Among the entries below, find the line with "Proof. exact (derivable_continuous", then quote it and each following line up to and including the line with "Proof. intros Hf;", and nothing else.

+---+

(* Let $\Gamma$ be any art gallery (not necessarily normal). If a configuration consisting of one or two guards visually covers the walls of $\Gamma$, then this configuration visually covers all of $\Gamma$.
   Context: An art gallery $\Gamma$ is a simple polygon in the plane (closed region: boundary together with interior), whose boundary (the walls) consists of finitely many line segments. A guard is a point of $\Gamma$; a guard $G$ visually covers $A\in\Gamma$ if the segment $GA$ lies entirely in $\Gamma$. A configuration of guards is a finite set $F$ of points of $\Gamma$; it visually covers $X\subseteq\Gamma$ if each point of $X$ is visually covered by some guard in $F$. *)

From Stdlib Require Import Reals List.
Open Scope R_scope.

Definition point : Type := (R * R)%type.

Definition seg_pt (a b : point) (t : R) : point :=
  (fst a + t * (fst b - fst a), snd a + t * (snd b - snd a)).

Definition on_seg (a b p : point) : Prop :=
  exists t, 0 <= t <= 1 /\ p = seg_pt a b t.

Definition pnorm (p : point) : R := sqrt (fst p * fst p + snd p * snd p).

(* A polygon is given by its cyclic list of vertices v_0, ..., v_{n-1};
   vertex indices are taken modulo n. *)
Definition vtx (P : list point) (i : nat) : point :=
  nth (Nat.modulo i (length P)) P (0, 0).

Definition edge_pt (P : list point) (i : nat) (p : point) : Prop :=
  on_seg (vtx P i) (vtx P (S i)) p.

Definition simple_polygon (P : list point) : Prop :=
  (3 <= length P)%nat /\
  forall i j : nat, (i < length P)%nat -> (j < length P)%nat -> i <> j ->
    forall p, edge_pt P i p -> edge_pt P j p ->
      (j = Nat.modulo (S i) (length P) /\ p = vtx P j) \/
      (i = Nat.modulo (S j) (length P) /\ p = vtx P i).

Definition boundary (P : list point) (p : point) : Prop :=
  exists i, (i < length P)%nat /\ edge_pt P i p.

Definition path_in (X : point -> Prop) (f : R -> point) : Prop :=
  continuity (fun s => fst (f s)) /\ continuity (fun s => snd (f s)) /\
  forall t, 0 <= t <= 1 -> X (f t).

(* p lies in the unbounded component of the complement of the boundary *)
Definition exterior (P : list point) (p : point) : Prop :=
  ~ boundary P p /\
  forall M : R, exists f : R -> point,
    path_in (fun q => ~ boundary P q) f /\ f 0 = p /\ M <= pnorm (f 1).

(* interior = bounded component(s) of the complement of the boundary *)
Definition interior (P : list point) (p : point) : Prop :=
  ~ boundary P p /\ ~ exterior P p.

Definition gallery (P : list point) (p : point) : Prop :=
  boundary P p \/ interior P p.

Definition covers (P : list point) (g a : point) : Prop :=
  forall t, 0 <= t <= 1 -> gallery P (seg_pt g a t).

(* If a guard g does not see a point a of the gallery, the segment [g, a]
   contains an exterior point; and if a is not on a wall, the ray from g through
   a meets a wall beyond a, since otherwise a could escape to infinity along it.
   With one guard, g sees that wall point behind a, hence a itself.  With two
   guards, let c be the last wall point of [g1, a] after an exterior point and b
   the first wall point beyond a.  The chord [c, b] lies in the gallery, and g1
   sees neither c nor b, so g2 sees both.  The triangle g2 c b then has its sides
   in the gallery and the exterior point of [g2, a] strictly inside it, which is
   impossible: a wall-avoiding path from that point to infinity must cross a
   side, and the crossing point would be both in the gallery and exterior. *)

From Stdlib Require Import Reals List Lra Lia Psatz Classical.
Open Scope R_scope.

Lemma point_eq (p q : point) : fst p = fst q -> snd p = snd q -> p = q.
Proof. destruct p, q; simpl; intros -> ->; reflexivity. Qed.

Lemma seg_pt_0 a b : seg_pt a b 0 = a.
Proof. apply point_eq; simpl; ring. Qed.

Lemma seg_pt_1 a b : seg_pt a b 1 = b.
Proof. apply point_eq; simpl; ring. Qed.

Lemma seg_pt_diag a t : seg_pt a a t = a.
Proof. apply point_eq; simpl; ring. Qed.

Lemma seg_pt_sub g a s1 s2 t :
  seg_pt (seg_pt g a s1) (seg_pt g a s2) t = seg_pt g a (s1 + t * (s2 - s1)).
Proof. apply point_eq; simpl; ring. Qed.

Lemma seg_pt_rescale g a s t : 0 < s ->
  seg_pt g a t = seg_pt g (seg_pt g a s) (t / s).
Proof. intros Hs; apply point_eq; simpl; field; lra. Qed.

Lemma Rdiv_in_unit t s : 0 <= t <= s -> 0 < s -> 0 <= t / s <= 1.
Proof.
  intros Ht Hs; split.
  - apply Rle_mult_inv_pos; lra.
  - apply (Rmult_le_reg_r s); [lra|]; unfold Rdiv.
    rewrite Rmult_assoc, Rinv_l by lra; lra.
Qed.

Lemma convex_gt x y z s : x < y -> x < z -> 0 <= s <= 1 -> x < (1 - s) * y + s * z.
Proof. intros; destruct (Rle_lt_dec s (1/2)); nra. Qed.

Lemma convex_lt x y z s : y < x -> z < x -> 0 <= s <= 1 -> (1 - s) * y + s * z < x.
Proof. intros; destruct (Rle_lt_dec s (1/2)); nra. Qed.

Lemma continuity_cst c : continuity (fun _ => c).
Proof. apply continuity_const; intros ? ?; reflexivity. Qed.

Lemma continuity_id : continuity (fun x => x).
Proof. exact (derivable_continuous id derivable_id). Qed.

Lemma continuity_Rabs f : continuity f -> continuity (fun x => Rabs (f x)).
Proof. intros Hf; exact (continuity_comp f Rabs Hf Rcontinuity_abs). Qed.
(* Let $k\geq 2$ be an integer and let $G$ be a graph on $n$ vertices with minimum degree $\delta(G)=\delta>\frac{(k-1)n}{k}$ and more than one $K_{k+1}$-component. Then (i) $|\mathrm{int}_k(G)|\geq 2\delta-n+2>0$, and (ii) every $K_{k+1}$-component $C$ of $G$ satisfies $|\mathrm{ext}(C)|\leq n-\delta-1$.
   Context: A $K_{k+1}$-walk in $G$ is a sequence of copies of $K_k$ in which consecutive copies lie in a common copy of $K_{k+1}$; its endpoints are then $K_{k+1}$-connected; the equivalence classes of copies of $K_k$ are the $K_{k+1}$-components. The vertices of a component $C$ are the vertices of the copies of $K_k$ in $C$. $\mathrm{int}_k(G)$ is the set of vertices of $G$ that are vertices of more than one $K_{k+1}$-component; $\mathrm{ext}(C)$ is the set of vertices of $C$ that are vertices of no other $K_{k+1}$-component. *)

(* A simple graph on a finite vertex type T is a symmetric,
   irreflexive boolean relation e : rel T. *)
From mathcomp Require Import all_boot.
Set Implicit Arguments. Unset Strict Implicit. Unset Printing Implicit Defensive.

Section KComponents.
Variables (T : finType) (e : rel T).

Definition deg (v : T) : nat := #|[set w | e v w]|.

Definition is_clique (A : {set T}) : bool :=
  [forall x in A, forall y in A, (x != y) ==> e x y].

Definition Kcopy (k : nat) (A : {set T}) : bool := is_clique A && (#|A| == k).

Definition Kstep (k : nat) : rel {set T} := fun A B =>
  [&& Kcopy k A, Kcopy k B &
      [exists C : {set T}, [&& Kcopy k.+1 C, A \subset C & B \subset C]]].
Theorem theorem4p3 (p : R) (m : nat) (D : R) :
  1 <= p <= 2 -> (2 <= m)%nat ->
  D_opt (S m) (conj_exp p) D ->
  (forall (N : nat) (y : (nat -> nat) -> R),
     exists I : R,
       IterInt m (fun t => pw (Rabs (msum m N (fun i =>
                    fprod m (fun k => rad (S (i k)) (t k)) * y i))) p) I /\
       sqrt (msum m N (fun i => Rabs (y i) ^ 2)) <= D * pw I (1 / p)) /\
  (forall A, A_opt p A -> A ^ m <= D).
Proof.
  intros Hp Hm [HD _]. assert (Hp1 : 1 <= p) by lra. split.
  - intros N y. exists (sign_avg_rows m N (tensor_abs_pow p m N y)).
    apply (rademacher_chaos_l2_le p m D Hp1 HD N y).
  - intros A [HA HAmin].
    assert (Hd : A <= Rpower D (/ INR m)) by (apply HAmin, A_valid_root; auto; lia).
    pose proof (A_valid_ge1 p A Hp1 HA).
    replace D with (Rpower D (/ INR m) ^ m).
    + apply pow_incr. lra.
    + rewrite <- Rpower_pow, Rpower_mult by apply exp_pos.
      replace (/ INR m * INR m) with 1 by (field; apply not_0_INR; lia).
      apply Rpower_1, (D_valid_pos p m D Hp1 HD).
Qed.
(* Let $e_1,e_2\in[0,1)$, $p_1,p_2>0$, and let $K,L,M,N$ be the real numbers defined in the context. For $f_2\in\mathbb{R}$ define \[ \begin{split} \alpha &= p_1(1+e_2\cos f_2)\bigl(K\sin f_2 - M(e_2+\cos f_2)\bigr) + p_2e_1e_2\sin f_2, \\ \beta &= p_1(1+e_2\cos f_2)\bigl(L\sin f_2 - N(e_2+\cos f_2)\bigr), \\ \gamma &= p_2e_2\sin f_2,\\ \kappa &= -p_2e_1(L\cos f_2 + N\sin f_2), \\ \lambda &= p_2e_1(K\cos f_2 + M\sin f_2), \\ \mu &= -p_2(1+e_1^2)(L\cos f_2 + N\sin f_2),\\ \nu &= p_1e_1(1+e_2\cos f_2) + p_2(K\cos f_2 + M\sin f_2), \end{split} \] and let \[ \mathscr{T}(f_2) = \begin{pmatrix} \alpha^2+\beta^2 & 0 & \beta\kappa-\alpha\lambda & 0\\ 2\alpha\gamma & \alpha^2+\beta^2 & \beta\mu-\lambda\gamma-\alpha\nu &\beta\kappa-\alpha\lambda\\ \gamma^2-\beta^2 & 2\alpha\gamma & \beta\kappa-\gamma\nu & \beta\mu-\lambda\gamma-\alpha\nu\\ 0 & \gamma^2-\beta^2 & 0 & \beta\kappa-\gamma\nu \end{pmatrix}. \] Then $\det\mathscr{T}(f_2)$ contains the factor $\beta^2(1+e_2\cos f_2)^2$: there is a trigonometric polynomial $h(f_2)$ (a polynomial in $\cos f_2,\sin f_2$) such that $\det\mathscr{T}(f_2)=(1+e_2\cos f_2)^2\,\beta(f_2)^2\,h(f_2)$ for all $f_2$.
   Context: Two confocal elliptic orbits are given by Keplerian elements $a_i$, $e_i$, $i_i$, $\Omega_i$, $\omega_i$ ($i=1,2$), with conic parameters $p_i=a_i(1-e_i^2)$ and true anomalies $f_1,f_2$. Define the unit vectors $\mathcal{P}=(\cos\omega_1\cos\Omega_1-\cos i_1\sin\omega_1\sin\Omega_1,\ \cos\omega_1\sin\Omega_1+\cos i_1\sin\omega_1\cos\Omega_1,\ \sin\omega_1\sin i_1)$, $\mathcal{Q}=(-\sin\omega_1\cos\Omega_1-\cos i_1\cos\omega_1\sin\Omega_1,\ -\sin\omega_1\sin\Omega_1+\cos i_1\cos\omega_1\cos\Omega_1,\ \cos\omega_1\sin i_1)$, and $\mathfrak{p},\mathfrak{q}$ by the same formulas with $(i_2,\Omega_2,\omega_2)$ in place of $(i_1,\Omega_1,\omega_1)$. Set $K=\langle\mathcal{P},\mathfrak{p}\rangle$, $L=\langle\mathcal{Q},\mathfrak{p}\rangle$, $M=\langle\mathcal{P},\mathfrak{q}\rangle$, $N=\langle\mathcal{Q},\mathfrak{q}\rangle$. The matrix $\mathscr{T}$ is the Sylvester matrix, with respect to $\cos f_1$, of the polynomials $(\alpha^2+\beta^2)\cos^2 f_1 + 2\alpha\gamma\cos f_1 + \gamma^2-\beta^2$ and $(\beta\kappa - \alpha\lambda)\cos^2 f_1 + (\beta\mu - \lambda\gamma-\alpha\nu)\cos f_1 + \beta\kappa-\gamma\nu$. *)

From HB Require Import structures.
From mathcomp Require Import all_boot all_order all_algebra.
From mathcomp Require Import all_classical all_reals all_analysis.
Set Implicit Arguments. Unset Strict Implicit. Unset Printing Implicit Defensive.
Import Order.TTheory GRing.Theory Num.Theory.
Local Open Scope ring_scope.

Section Defs.
Variable R : realType.

Definition Pvec (i Om om : R) : R * R * R :=
  (cos om * cos Om - cos i * sin om * sin Om,
   cos om * sin Om + cos i * sin om * cos Om,
   sin om * sin i).
Definition Qvec (i Om om : R) : R * R * R :=
  (- sin om * cos Om - cos i * cos om * sin Om,
   - sin om * sin Om + cos i * cos om * cos Om,
   cos om * sin i).

Definition dot3 (u v : R * R * R) : R :=
  u.1.1 * v.1.1 + u.1.2 * v.1.2 + u.2 * v.2.

Definition Kc i1 Om1 om1 i2 Om2 om2 := dot3 (Pvec i1 Om1 om1) (Pvec i2 Om2 om2).
Definition Lc i1 Om1 om1 i2 Om2 om2 := dot3 (Qvec i1 Om1 om1) (Pvec i2 Om2 om2).
Definition Mc i1 Om1 om1 i2 Om2 om2 := dot3 (Pvec i1 Om1 om1) (Qvec i2 Om2 om2).
Definition Nc i1 Om1 om1 i2 Om2 om2 := dot3 (Qvec i1 Om1 om1) (Qvec i2 Om2 om2).

Definition alpha (e1 e2 p1 p2 K L M N f2 : R) : R :=
  p1 * (1 + e2 * cos f2) * (K * sin f2 - M * (e2 + cos f2))
  + p2 * e1 * e2 * sin f2.
Definition beta (e1 e2 p1 p2 K L M N f2 : R) : R :=
  p1 * (1 + e2 * cos f2) * (L * sin f2 - N * (e2 + cos f2)).
Definition gamma (e1 e2 p1 p2 K L M N f2 : R) : R :=
  p2 * e2 * sin f2.
Definition kappa (e1 e2 p1 p2 K L M N f2 : R) : R :=
  - (p2 * e1 * (L * cos f2 + N * sin f2)).
Definition lambda (e1 e2 p1 p2 K L M N f2 : R) : R :=
  p2 * e1 * (K * cos f2 + M * sin f2).
Definition mu (e1 e2 p1 p2 K L M N f2 : R) : R :=
  - (p2 * (1 + e1 ^+ 2) * (L * cos f2 + N * sin f2)).
Definition nu (e1 e2 p1 p2 K L M N f2 : R) : R :=
  p1 * e1 * (1 + e2 * cos f2) + p2 * (K * cos f2 + M * sin f2).

Definition Tentry (a b g k l m n : R) (r c : nat) : R :=
  match r, c with
  | 0, 0 => a ^+ 2 + b ^+ 2
  | 0, 1 => 0
  | 0, 2 => b * k - a * l
  | 0, 3 => 0
  | 1, 0 => 2 * a * g
  | 1, 1 => a ^+ 2 + b ^+ 2
  | 1, 2 => b * m - l * g - a * n
  | 1, 3 => b * k - a * l
  | 2, 0 => g ^+ 2 - b ^+ 2
  | 2, 1 => 2 * a * g
  | 2, 2 => b * k - g * n
  | 2, 3 => b * m - l * g - a * n
  | 3, 0 => 0
  | 3, 1 => g ^+ 2 - b ^+ 2
  | 3, 2 => 0
  | 3, 3 => b * k - g * n
  | _, _ => 0
  end.

Definition Tmx (e1 e2 p1 p2 K L M N f2 : R) : 'M[R]_4 :=
  \matrix_(r < 4, c < 4)
    Tentry (alpha e1 e2 p1 p2 K L M N f2) (beta e1 e2 p1 p2 K L M N f2)
           (gamma e1 e2 p1 p2 K L M N f2) (kappa e1 e2 p1 p2 K L M N f2)
           (lambda e1 e2 p1 p2 K L M N f2) (mu e1 e2 p1 p2 K L M N f2)
           (nu e1 e2 p1 p2 K L M N f2) r c.

(* Evaluation of a bivariate polynomial h(X,Y) in {poly {poly R}}
   (outer variable Y, inner variable X) at X = x, Y = y. *)
Definition eval2 (h : {poly {poly R}}) (x y : R) : R := (h.[y%:P]).[x].

End Defs.

(* det T(f2) is the resultant of the quadratics
     P1 = (alpha x + gamma)^2 + beta^2 (x^2 - 1),
     P2 = beta (kappa (x^2 + 1) + mu x) - (alpha x + gamma) (lambda x + nu).
   Modulo beta they share the factor alpha x + gamma, which produces beta^2.
   With w = 1 + e2 cos f2, a = p1 (K sin f2 - M (e2 + cos f2)),
   b = p1 (L sin f2 - N (e2 + cos f2)), r = p2 (L cos f2 + N sin f2) and
   s = p2 (K cos f2 + M sin f2) one has alpha = w a + e1 gamma, beta = w b,
   kappa = - e1 r, lambda = e1 s, mu = - (1 + e1^2) r, nu = w p1 e1 + s.
   At w = 0 both quadratics are multiples of (e1 x + 1)^2, which produces the
   second factor w^2; the cofactor is an explicit polynomial in w, a, b,
   gamma, r, s, p1, e1, hence in cos f2 and sin f2. *)

From HB Require Import structures.
From mathcomp Require Import all_boot all_order all_algebra.
From mathcomp Require Import all_classical all_reals all_analysis.
From mathcomp Require Import ring.
Import Order.TTheory GRing.Theory Num.Theory.
Local Open Scope ring_scope.

Definition quad_sylvester_mx {R : nzRingType} (a b c d e f : R) : 'M[R]_4 :=
  \matrix_(i < 4, j < 4)
    nth 0 (nth [::] [:: [:: a; 0; d; 0]; [:: b; a; e; d];
                        [:: c; b; f; e]; [:: 0; c; 0; f]] i) j.

Definition quad_resultant {R : nzRingType} (a b c d e f : R) : R :=
  (a * f - c * d) ^+ 2 - (a * e - b * d) * (b * f - c * e).

Lemma det_quad_sylvester_mx (R : comNzRingType) (a b c d e f : R) :
  \det (quad_sylvester_mx a b c d e f) = quad_resultant a b c d e f.
Proof.
do 3 rewrite !(expand_det_row _ 0) !big_ord_recl !big_ord0 /cofactor.
by rewrite !det_mx11 !mxE /= /bump /= /quad_resultant; ring.
Qed.

Lemma Tentry_sylvester (R : realType) (al be ga ka la mu nu : R) :
  \matrix_(i < 4, j < 4) Tentry al be ga ka la mu nu i j
  = quad_sylvester_mx (al ^+ 2 + be ^+ 2) (2 * al * ga) (ga ^+ 2 - be ^+ 2)
      (be * ka - al * la) (be * mu - la * ga - al * nu) (be * ka - ga * nu).
Proof.
by apply/matrixP => -[[|[|[|[|i]]]] ?] // [[|[|[|[|j]]]] ?]; rewrite !mxE.
Qed.

Definition orbit_cofactor {S : comNzRingType} (w a b g r s p e : S) : S :=
  let q := 1 - e ^+ 2 in
  g ^+ 2 * q * ((a * s + g * p * e ^+ 2) ^+ 2
                + q * (a ^+ 2 * r ^+ 2 + b ^+ 2 * s ^+ 2 + b ^+ 2 * r ^+ 2 * q
                       - 2 * b * g * r * p * e ^+ 2))
  - w * (2 * g * e * (a * (a ^+ 2 + b ^+ 2 * q) * (q * r ^+ 2 + s ^+ 2)
           + g * p * (a ^+ 2 * s * (3 * e ^+ 2 - 1) - 3 * a * b * r * q * e ^+ 2
                      - b ^+ 2 * s * q + a * g * p * e ^+ 2 * (2 * e ^+ 2 - 1)))
  - w * (a ^+ 4 * (e ^+ 2 * r ^+ 2 - s ^+ 2)
         - 2 * a * b * r * s * (a ^+ 2 + b ^+ 2 * q)
         - b ^+ 2 * q * (q * r ^+ 2 * (a ^+ 2 + b ^+ 2) + a ^+ 2 * s ^+ 2)
         - g * p * e ^+ 2 * (6 * a ^+ 3 * s + 6 * a ^+ 2 * b * r * e ^+ 2
                             + 4 * a * b ^+ 2 * s - 2 * b ^+ 3 * r * q
                             + g * p * (a ^+ 2 * (6 * e ^+ 2 - 1) - b ^+ 2 * q))
  - w * (2 * a * p * e * ((a ^+ 2 + b ^+ 2) * (a * s + b * r * (1 + e ^+ 2))
                          + g * p * e ^+ 2 * (2 * a ^+ 2 + b ^+ 2))
  + w * (a ^+ 2 * p ^+ 2 * e ^+ 2 * (a ^+ 2 + b ^+ 2))))).

Lemma quad_resultant_orbit_factor {S : comNzRingType}
    (al be ka la mu nu w a b g r s p e : S) :
  al = w * a + e * g -> be = w * b -> ka = - (e * r) -> la = e * s ->
  mu = - ((1 + e ^+ 2) * r) -> nu = w * p * e + s ->
  quad_resultant (al ^+ 2 + be ^+ 2) (2 * al * g) (g ^+ 2 - be ^+ 2)
    (be * ka - al * la) (be * mu - la * g - al * nu) (be * ka - g * nu)
  = be ^+ 2 * w ^+ 2 * orbit_cofactor w a b g r s p e.
Proof. by move=> -> -> -> -> -> ->; rewrite /quad_resultant /orbit_cofactor; ring. Qed.

Lemma rmorph_orbit_cofactor {A B : comNzRingType} (f : {rmorphism A -> B})
    (w a b g r s p e : A) :
  f (orbit_cofactor w a b g r s p e)
  = orbit_cofactor (f w) (f a) (f b) (f g) (f r) (f s) (f p) (f e).
Proof. by rewrite /orbit_cofactor !(rmorphE, rmorphM). Qed.

Theorem mainTheorem2 (R : realType)
  (e1 e2 p1 p2 i1 Om1 om1 i2 Om2 om2 : R)
  (he1 : 0 <= e1) (he1' : e1 < 1) (he2 : 0 <= e2) (he2' : e2 < 1)
  (hp1 : 0 < p1) (hp2 : 0 < p2) :
  let K := Kc i1 Om1 om1 i2 Om2 om2 in
  let L := Lc i1 Om1 om1 i2 Om2 om2 in
  let M := Mc i1 Om1 om1 i2 Om2 om2 in
  let N := Nc i1 Om1 om1 i2 Om2 om2 in
  exists h : {poly {poly R}}, forall f2 : R,
    \det (Tmx e1 e2 p1 p2 K L M N f2)
    = (1 + e2 * cos f2) ^+ 2 * (beta e1 e2 p1 p2 K L M N f2) ^+ 2
      * eval2 h (cos f2) (sin f2).
Proof.
move=> K L M N.
pose C (x : R) : {poly {poly R}} := x%:P%:P.
pose c : {poly {poly R}} := 'X%:P.
pose s : {poly {poly R}} := 'X.
exists (orbit_cofactor (1 + C e2 * c) (C p1 * (C K * s - C M * (C e2 + c)))
          (C p1 * (C L * s - C N * (C e2 + c))) (C p2 * C e2 * s)
          (C p2 * (C L * c + C N * s)) (C p2 * (C K * c + C M * s))
          (C p1) (C e1)) => f2.
pose ev : {rmorphism {poly {poly R}} -> R} :=
  horner_eval (cos f2) \o horner_eval (sin f2)%:P.
have evC x : ev (C x) = x by rewrite /= !horner_evalE !hornerC.
have evc : ev c = cos f2 by rewrite /= !horner_evalE hornerC hornerX.
have evs : ev s = sin f2 by rewrite /= !horner_evalE hornerX hornerC.
rewrite [eval2 _ _ _](rmorph_orbit_cofactor ev) !(rmorphE, rmorphM) !evC evc evs.
rewrite /Tmx Tentry_sylvester det_quad_sylvester_mx.
rewrite (quad_resultant_orbit_factor _ _ _ _ _ _ (1 + e2 * cos f2)
  (p1 * (K * sin f2 - M * (e2 + cos f2))) (p1 * (L * sin f2 - N * (e2 + cos f2)))
  _ (p2 * (L * cos f2 + N * sin f2)) (p2 * (K * cos f2 + M * sin f2)) p1 e1).
all: by rewrite /alpha /beta /gamma /kappa /lambda /mu /nu; ring.
Qed.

+---+

TASK ANSWER |
Proof. exact (derivable_continuous id derivable_id). Qed.

Lemma continuity_Rabs f : continuity f -> continuity (fun x => Rabs (f x)).
Proof. intros Hf; exact (continuity_comp f Rabs Hf Rcontinuity_abs). Qed.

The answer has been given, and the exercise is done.